RECORD EXCERPTS Start Marker
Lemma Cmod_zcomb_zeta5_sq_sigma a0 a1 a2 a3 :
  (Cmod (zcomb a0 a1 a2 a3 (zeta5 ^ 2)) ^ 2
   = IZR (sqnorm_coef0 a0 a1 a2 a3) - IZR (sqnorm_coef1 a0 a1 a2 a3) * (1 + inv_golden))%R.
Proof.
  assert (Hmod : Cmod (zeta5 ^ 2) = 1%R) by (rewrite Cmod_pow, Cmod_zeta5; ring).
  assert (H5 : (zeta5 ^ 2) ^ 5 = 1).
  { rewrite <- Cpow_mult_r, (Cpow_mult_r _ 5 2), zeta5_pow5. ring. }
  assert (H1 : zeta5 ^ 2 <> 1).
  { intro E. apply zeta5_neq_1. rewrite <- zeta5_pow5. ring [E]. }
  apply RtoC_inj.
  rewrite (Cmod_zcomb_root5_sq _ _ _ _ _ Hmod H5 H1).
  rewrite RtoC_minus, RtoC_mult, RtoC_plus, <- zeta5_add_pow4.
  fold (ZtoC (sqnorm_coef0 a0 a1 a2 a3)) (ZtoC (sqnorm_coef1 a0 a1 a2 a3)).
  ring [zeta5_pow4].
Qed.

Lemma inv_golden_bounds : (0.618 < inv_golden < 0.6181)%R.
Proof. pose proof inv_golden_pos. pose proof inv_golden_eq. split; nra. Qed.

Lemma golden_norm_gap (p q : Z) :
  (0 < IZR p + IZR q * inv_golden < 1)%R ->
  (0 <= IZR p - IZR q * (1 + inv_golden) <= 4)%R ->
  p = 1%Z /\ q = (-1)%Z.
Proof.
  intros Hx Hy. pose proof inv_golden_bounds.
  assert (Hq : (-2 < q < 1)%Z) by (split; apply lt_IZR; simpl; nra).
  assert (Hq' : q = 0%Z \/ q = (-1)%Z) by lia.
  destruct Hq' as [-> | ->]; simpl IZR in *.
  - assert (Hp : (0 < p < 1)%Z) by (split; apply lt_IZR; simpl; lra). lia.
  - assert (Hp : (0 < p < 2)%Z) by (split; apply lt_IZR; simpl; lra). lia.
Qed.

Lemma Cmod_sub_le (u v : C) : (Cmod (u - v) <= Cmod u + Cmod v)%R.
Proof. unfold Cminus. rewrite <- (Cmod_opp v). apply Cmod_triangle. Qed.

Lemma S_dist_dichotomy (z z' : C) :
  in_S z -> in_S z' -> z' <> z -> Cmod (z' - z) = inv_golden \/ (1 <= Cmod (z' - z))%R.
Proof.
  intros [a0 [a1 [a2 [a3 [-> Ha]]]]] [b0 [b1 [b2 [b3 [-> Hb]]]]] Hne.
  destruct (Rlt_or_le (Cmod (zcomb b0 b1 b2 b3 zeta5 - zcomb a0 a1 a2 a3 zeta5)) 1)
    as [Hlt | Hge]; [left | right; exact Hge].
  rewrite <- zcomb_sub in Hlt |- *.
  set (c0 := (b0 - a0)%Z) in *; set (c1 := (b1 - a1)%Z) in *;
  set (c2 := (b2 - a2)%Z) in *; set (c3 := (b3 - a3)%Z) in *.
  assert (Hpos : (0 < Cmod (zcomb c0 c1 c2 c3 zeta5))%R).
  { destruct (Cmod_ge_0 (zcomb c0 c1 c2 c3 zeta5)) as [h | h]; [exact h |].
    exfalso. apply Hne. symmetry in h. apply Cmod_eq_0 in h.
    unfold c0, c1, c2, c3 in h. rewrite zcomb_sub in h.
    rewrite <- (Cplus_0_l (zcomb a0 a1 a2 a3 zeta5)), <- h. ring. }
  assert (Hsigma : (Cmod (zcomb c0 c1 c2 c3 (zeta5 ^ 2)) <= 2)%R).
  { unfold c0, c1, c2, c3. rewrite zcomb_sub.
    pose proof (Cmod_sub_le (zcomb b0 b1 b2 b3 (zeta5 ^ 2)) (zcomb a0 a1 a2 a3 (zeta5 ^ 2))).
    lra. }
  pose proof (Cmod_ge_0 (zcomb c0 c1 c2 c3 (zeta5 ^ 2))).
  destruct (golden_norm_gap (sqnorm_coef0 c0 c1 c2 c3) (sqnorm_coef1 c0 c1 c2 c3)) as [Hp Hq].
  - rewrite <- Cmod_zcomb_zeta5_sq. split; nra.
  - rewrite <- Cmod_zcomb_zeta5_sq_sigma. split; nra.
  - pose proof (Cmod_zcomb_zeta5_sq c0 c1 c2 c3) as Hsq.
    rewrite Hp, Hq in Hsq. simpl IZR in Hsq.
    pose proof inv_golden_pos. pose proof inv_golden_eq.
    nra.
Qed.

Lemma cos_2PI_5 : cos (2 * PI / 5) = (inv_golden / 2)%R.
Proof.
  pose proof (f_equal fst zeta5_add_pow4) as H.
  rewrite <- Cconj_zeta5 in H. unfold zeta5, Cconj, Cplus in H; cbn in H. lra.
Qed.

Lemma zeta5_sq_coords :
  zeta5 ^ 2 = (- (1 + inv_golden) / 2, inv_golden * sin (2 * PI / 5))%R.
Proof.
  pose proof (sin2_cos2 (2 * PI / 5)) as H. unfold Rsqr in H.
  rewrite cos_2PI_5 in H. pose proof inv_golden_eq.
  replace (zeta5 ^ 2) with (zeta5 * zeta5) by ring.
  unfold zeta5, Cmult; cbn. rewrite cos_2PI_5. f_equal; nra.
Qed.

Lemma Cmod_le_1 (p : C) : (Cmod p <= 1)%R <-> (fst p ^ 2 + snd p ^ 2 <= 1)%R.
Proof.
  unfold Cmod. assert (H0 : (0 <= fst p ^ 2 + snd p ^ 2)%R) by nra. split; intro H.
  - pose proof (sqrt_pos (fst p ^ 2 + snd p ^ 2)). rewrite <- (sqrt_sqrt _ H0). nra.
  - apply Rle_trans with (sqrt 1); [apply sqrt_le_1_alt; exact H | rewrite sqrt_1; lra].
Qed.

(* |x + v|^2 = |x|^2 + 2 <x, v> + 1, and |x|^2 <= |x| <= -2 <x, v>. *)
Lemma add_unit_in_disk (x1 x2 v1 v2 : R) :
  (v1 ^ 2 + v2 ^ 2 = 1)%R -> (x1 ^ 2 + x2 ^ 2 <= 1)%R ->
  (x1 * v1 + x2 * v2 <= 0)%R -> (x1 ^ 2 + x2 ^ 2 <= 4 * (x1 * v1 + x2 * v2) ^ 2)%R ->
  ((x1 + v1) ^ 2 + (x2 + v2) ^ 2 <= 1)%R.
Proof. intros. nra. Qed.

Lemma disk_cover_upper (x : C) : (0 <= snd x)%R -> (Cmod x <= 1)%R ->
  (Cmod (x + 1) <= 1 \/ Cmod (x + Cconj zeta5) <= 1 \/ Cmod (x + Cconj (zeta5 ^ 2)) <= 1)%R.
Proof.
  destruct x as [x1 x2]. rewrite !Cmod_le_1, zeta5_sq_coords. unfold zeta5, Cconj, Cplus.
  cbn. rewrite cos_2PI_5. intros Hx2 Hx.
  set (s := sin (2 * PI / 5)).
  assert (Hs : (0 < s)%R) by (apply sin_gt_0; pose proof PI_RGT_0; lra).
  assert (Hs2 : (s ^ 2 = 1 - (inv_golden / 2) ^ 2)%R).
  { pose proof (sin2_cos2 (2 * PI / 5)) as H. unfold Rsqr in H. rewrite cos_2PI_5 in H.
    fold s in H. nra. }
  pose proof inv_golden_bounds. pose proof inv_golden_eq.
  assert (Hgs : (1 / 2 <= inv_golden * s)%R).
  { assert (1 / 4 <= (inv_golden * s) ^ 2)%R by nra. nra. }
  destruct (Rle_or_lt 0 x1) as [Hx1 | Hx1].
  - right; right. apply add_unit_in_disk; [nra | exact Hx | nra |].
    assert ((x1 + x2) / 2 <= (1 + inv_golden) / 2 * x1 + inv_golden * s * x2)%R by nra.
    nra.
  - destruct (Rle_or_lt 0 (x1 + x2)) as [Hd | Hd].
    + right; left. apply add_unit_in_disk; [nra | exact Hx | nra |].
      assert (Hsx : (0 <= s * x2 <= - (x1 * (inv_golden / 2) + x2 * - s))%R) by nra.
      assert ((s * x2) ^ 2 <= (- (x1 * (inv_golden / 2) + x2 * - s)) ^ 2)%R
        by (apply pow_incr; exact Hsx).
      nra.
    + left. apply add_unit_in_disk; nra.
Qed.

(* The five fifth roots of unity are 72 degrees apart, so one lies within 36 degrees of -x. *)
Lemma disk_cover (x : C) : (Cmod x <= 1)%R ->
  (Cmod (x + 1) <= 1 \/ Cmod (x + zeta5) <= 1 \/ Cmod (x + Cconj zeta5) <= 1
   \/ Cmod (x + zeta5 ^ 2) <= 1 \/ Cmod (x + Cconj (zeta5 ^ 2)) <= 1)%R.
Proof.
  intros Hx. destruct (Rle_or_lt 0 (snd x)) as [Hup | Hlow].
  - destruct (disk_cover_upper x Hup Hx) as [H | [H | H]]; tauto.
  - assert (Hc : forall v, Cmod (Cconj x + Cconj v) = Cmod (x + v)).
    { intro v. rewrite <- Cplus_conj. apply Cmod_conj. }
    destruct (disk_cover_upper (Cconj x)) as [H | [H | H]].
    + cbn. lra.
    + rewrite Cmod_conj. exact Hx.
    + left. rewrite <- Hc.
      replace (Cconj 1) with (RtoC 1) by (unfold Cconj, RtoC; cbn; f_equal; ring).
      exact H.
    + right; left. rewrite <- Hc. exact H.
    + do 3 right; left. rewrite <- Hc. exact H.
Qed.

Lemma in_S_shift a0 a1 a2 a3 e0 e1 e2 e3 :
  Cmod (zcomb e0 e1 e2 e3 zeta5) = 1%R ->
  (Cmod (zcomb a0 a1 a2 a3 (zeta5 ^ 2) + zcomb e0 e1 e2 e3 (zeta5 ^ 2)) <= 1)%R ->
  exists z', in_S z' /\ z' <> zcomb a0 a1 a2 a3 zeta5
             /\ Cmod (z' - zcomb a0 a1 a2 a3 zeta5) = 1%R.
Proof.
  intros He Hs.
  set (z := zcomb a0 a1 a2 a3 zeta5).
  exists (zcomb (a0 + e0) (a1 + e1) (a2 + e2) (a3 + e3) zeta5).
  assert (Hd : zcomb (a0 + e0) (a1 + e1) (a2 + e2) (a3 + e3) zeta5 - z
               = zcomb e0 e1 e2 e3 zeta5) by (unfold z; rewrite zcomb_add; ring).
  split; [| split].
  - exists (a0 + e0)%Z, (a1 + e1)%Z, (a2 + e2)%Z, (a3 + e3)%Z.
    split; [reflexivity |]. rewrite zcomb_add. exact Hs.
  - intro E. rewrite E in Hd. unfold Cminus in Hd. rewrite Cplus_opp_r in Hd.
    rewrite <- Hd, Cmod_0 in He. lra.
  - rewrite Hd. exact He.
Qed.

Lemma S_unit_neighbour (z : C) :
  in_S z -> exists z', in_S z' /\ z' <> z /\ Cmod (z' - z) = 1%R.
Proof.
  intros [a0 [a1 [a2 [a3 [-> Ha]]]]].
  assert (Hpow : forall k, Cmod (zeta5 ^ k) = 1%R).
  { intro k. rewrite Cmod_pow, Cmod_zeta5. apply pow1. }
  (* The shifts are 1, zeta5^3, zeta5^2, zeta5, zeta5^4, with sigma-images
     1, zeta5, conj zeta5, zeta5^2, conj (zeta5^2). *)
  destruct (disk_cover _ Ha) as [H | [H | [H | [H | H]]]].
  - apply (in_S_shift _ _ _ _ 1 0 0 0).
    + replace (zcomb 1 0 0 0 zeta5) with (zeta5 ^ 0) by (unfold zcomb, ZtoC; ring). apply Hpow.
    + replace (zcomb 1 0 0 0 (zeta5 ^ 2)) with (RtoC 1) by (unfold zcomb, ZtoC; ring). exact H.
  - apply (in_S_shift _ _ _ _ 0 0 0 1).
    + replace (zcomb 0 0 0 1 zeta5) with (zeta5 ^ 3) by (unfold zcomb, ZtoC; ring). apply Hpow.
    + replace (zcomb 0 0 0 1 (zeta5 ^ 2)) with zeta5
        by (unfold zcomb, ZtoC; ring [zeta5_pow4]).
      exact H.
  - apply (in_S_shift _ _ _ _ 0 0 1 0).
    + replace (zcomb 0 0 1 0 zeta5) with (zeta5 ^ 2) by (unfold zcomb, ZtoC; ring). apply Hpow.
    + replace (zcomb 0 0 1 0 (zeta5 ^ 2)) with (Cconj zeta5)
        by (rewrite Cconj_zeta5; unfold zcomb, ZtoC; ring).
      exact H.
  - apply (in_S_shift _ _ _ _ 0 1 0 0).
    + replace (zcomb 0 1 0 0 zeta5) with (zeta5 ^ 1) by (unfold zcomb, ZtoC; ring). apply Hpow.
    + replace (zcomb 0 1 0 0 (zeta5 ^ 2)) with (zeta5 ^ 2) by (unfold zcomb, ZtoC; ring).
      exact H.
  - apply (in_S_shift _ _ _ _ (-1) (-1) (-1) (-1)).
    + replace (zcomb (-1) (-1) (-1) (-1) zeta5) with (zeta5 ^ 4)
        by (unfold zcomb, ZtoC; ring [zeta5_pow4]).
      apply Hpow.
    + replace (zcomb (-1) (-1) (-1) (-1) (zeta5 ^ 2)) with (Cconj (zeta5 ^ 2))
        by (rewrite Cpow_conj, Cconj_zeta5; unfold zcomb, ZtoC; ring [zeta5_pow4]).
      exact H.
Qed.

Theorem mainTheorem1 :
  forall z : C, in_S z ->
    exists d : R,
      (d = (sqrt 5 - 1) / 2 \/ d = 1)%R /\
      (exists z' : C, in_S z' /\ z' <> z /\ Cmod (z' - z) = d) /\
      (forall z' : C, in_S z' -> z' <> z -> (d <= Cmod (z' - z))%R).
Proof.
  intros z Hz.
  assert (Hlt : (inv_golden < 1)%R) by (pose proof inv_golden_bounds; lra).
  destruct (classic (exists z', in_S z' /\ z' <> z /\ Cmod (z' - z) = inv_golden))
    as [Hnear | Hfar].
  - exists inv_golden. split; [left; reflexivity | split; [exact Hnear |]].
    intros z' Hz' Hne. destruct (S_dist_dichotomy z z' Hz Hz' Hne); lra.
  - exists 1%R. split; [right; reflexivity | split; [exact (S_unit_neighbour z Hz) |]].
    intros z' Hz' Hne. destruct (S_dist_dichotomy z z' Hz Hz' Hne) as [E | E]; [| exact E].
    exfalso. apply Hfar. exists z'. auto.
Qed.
RECORD EXCERPTS End Marker
RECORD EXCERPTS Start Marker
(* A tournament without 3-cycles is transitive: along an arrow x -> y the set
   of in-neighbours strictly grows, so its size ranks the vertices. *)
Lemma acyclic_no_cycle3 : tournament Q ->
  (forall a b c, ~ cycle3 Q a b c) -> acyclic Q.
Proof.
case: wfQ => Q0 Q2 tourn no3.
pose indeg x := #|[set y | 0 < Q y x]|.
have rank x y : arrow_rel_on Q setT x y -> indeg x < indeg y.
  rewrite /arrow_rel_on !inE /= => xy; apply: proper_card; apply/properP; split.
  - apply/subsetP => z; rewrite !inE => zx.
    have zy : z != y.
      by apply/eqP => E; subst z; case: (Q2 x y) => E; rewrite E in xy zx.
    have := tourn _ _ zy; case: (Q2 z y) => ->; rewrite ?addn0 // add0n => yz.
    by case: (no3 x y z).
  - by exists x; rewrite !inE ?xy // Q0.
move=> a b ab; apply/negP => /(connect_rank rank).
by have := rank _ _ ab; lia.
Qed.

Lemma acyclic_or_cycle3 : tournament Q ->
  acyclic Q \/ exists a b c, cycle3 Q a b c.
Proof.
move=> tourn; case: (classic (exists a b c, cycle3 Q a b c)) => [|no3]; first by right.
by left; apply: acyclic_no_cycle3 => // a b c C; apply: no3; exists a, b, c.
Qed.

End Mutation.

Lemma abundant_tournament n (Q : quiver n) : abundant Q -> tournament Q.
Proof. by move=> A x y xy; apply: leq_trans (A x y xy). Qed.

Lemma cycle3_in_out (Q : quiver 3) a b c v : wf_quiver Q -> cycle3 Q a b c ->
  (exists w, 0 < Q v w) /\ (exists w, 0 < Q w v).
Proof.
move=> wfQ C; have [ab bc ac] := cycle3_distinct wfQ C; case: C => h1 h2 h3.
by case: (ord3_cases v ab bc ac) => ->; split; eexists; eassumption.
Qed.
RECORD EXCERPTS End Marker
In the entries above, find the line holding "Lemma Cmod_zcomb_zeta5_sq_sigma a0" and the line holding "rewrite (Cmod_zcomb_root5_sq _", then retype exactly those two lines and every line between them, and nothing else.

### RESPONSE TO THIS EXERCISE:
Lemma Cmod_zcomb_zeta5_sq_sigma a0 a1 a2 a3 :
  (Cmod (zcomb a0 a1 a2 a3 (zeta5 ^ 2)) ^ 2
   = IZR (sqnorm_coef0 a0 a1 a2 a3) - IZR (sqnorm_coef1 a0 a1 a2 a3) * (1 + inv_golden))%R.
Proof.
  assert (Hmod : Cmod (zeta5 ^ 2) = 1%R) by (rewrite Cmod_pow, Cmod_zeta5; ring).
  assert (H5 : (zeta5 ^ 2) ^ 5 = 1).
  { rewrite <- Cpow_mult_r, (Cpow_mult_r _ 5 2), zeta5_pow5. ring. }
  assert (H1 : zeta5 ^ 2 <> 1).
  { intro E. apply zeta5_neq_1. rewrite <- zeta5_pow5. ring [E]. }
  apply RtoC_inj.
  rewrite (Cmod_zcomb_root5_sq _ _ _ _ _ Hmod H5 H1).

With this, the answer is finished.